▶ _Problem details_
Only the lines from the one containing "exact: inv14_left_dual_bc_core_inverse lx." to the end of the entries should be written out, each exactly as it stands, both ends included.

▶ _Source data_
•••••

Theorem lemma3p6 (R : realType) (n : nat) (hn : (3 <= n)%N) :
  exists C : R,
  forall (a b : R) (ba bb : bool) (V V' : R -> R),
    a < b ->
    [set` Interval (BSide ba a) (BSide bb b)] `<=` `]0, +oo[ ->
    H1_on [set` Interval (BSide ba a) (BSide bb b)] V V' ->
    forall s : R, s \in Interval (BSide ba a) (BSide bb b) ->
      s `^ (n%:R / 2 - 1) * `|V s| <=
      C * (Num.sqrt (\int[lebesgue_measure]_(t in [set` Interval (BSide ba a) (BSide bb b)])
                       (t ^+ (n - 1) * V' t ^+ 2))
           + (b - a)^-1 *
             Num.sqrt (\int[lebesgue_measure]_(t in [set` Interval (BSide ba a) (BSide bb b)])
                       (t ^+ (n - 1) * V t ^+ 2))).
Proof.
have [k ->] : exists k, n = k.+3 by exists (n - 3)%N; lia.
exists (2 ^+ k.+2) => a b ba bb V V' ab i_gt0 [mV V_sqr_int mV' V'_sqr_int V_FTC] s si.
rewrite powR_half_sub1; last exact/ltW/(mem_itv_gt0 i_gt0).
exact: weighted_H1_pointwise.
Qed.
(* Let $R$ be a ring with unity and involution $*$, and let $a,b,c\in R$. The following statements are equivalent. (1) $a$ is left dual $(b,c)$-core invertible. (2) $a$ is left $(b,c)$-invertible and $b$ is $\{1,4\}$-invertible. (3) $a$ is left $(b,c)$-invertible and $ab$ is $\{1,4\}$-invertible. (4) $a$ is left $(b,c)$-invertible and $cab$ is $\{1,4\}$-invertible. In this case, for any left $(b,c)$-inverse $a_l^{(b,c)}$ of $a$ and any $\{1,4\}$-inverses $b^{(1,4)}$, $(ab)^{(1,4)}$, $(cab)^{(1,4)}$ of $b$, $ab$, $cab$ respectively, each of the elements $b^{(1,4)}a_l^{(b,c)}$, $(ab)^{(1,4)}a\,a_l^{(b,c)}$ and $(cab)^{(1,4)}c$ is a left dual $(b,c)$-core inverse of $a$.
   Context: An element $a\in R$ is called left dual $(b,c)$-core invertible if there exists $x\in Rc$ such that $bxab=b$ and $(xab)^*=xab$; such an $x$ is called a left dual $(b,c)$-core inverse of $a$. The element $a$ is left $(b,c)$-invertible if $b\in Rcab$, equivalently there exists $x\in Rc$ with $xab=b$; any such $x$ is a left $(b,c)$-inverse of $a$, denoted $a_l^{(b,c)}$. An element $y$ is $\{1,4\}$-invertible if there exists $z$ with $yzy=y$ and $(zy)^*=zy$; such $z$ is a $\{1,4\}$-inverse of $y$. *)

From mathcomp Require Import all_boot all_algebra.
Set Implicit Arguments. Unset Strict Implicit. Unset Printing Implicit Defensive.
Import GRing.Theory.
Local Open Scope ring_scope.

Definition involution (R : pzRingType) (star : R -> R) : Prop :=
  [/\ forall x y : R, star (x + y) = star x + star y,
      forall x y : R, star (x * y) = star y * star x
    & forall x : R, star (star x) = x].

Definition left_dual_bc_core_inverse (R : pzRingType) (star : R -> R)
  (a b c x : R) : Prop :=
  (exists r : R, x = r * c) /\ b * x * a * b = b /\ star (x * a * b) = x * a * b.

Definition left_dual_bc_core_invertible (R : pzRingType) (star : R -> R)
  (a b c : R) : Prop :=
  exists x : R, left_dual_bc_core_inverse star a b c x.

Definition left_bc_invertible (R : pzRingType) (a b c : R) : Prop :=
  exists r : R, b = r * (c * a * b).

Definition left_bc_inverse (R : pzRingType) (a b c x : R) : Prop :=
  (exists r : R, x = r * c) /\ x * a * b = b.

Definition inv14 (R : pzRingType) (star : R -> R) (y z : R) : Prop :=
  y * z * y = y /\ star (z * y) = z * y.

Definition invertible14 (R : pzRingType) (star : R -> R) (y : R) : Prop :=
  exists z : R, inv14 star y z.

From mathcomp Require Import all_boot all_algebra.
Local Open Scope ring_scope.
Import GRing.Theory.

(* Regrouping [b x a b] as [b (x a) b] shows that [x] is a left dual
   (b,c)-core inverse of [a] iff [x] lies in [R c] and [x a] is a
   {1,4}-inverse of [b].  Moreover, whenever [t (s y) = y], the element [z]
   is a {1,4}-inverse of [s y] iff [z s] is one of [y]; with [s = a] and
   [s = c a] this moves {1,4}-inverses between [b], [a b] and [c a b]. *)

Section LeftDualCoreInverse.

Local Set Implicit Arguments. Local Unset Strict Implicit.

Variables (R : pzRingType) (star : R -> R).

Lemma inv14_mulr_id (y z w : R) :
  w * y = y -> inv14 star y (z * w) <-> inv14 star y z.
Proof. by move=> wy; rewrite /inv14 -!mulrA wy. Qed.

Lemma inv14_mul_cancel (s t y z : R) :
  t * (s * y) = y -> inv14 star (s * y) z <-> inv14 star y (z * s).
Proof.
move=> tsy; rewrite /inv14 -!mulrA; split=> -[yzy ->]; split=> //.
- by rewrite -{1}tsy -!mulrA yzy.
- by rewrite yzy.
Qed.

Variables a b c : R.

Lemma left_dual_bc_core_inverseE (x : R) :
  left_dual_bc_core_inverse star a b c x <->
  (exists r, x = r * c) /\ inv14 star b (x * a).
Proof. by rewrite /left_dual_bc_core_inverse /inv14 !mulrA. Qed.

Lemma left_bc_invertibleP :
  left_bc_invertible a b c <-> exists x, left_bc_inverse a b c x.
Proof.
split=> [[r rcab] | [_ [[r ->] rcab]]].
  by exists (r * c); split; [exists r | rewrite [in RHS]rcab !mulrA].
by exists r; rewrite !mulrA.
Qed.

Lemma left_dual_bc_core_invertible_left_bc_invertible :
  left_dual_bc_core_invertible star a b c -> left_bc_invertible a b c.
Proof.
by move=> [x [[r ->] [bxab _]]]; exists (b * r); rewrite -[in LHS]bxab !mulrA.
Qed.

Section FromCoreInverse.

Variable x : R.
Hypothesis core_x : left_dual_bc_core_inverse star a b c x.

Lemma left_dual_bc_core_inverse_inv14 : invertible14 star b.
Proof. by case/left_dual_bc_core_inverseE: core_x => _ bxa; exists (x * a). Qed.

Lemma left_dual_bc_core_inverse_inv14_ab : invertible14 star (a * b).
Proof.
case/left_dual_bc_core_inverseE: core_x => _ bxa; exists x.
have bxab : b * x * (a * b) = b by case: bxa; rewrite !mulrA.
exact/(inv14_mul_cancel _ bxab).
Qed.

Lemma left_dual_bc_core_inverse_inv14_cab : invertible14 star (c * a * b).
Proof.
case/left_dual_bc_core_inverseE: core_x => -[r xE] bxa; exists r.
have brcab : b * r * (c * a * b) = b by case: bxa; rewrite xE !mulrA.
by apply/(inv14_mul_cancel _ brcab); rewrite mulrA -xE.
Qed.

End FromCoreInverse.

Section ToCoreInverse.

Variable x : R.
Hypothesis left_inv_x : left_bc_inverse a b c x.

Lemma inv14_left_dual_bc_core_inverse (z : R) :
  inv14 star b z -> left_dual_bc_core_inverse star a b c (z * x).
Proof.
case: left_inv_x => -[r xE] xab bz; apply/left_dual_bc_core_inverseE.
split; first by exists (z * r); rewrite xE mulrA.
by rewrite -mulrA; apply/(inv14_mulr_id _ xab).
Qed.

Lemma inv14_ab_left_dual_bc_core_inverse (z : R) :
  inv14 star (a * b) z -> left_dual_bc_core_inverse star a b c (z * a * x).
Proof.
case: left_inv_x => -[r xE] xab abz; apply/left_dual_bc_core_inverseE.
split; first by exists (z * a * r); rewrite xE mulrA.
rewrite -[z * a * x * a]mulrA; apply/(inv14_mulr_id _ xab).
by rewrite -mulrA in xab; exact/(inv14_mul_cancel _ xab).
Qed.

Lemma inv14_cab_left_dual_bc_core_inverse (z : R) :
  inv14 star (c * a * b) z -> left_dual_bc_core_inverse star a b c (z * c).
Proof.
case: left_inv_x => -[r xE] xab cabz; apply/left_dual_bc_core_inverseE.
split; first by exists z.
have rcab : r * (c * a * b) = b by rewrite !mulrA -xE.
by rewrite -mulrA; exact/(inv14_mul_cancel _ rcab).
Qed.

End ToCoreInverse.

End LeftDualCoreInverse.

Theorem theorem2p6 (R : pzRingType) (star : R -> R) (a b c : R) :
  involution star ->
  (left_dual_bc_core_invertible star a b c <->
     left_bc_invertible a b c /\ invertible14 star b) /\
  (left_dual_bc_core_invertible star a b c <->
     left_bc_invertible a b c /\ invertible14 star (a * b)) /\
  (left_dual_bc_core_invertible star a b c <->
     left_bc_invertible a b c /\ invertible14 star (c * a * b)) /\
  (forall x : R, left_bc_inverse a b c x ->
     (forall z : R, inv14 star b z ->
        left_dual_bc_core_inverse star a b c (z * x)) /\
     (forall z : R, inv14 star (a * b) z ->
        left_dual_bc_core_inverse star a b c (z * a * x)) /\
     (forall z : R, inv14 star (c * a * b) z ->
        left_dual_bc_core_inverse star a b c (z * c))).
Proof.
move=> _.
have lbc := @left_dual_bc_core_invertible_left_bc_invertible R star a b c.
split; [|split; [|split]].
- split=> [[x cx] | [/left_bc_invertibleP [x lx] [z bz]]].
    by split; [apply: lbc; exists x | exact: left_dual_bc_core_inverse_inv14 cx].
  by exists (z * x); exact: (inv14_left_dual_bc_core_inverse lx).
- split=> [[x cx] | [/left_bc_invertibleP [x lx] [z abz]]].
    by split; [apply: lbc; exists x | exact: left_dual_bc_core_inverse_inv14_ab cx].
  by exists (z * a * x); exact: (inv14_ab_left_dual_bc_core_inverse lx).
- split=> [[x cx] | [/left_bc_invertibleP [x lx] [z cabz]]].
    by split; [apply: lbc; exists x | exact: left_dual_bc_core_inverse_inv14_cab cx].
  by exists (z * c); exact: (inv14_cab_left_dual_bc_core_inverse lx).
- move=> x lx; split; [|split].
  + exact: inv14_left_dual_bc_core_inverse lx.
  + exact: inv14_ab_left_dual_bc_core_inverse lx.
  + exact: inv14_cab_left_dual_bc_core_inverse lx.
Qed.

•••••

▶ _Written response_
  + exact: inv14_left_dual_bc_core_inverse lx.
  + exact: inv14_ab_left_dual_bc_core_inverse lx.
  + exact: inv14_cab_left_dual_bc_core_inverse lx.
Qed.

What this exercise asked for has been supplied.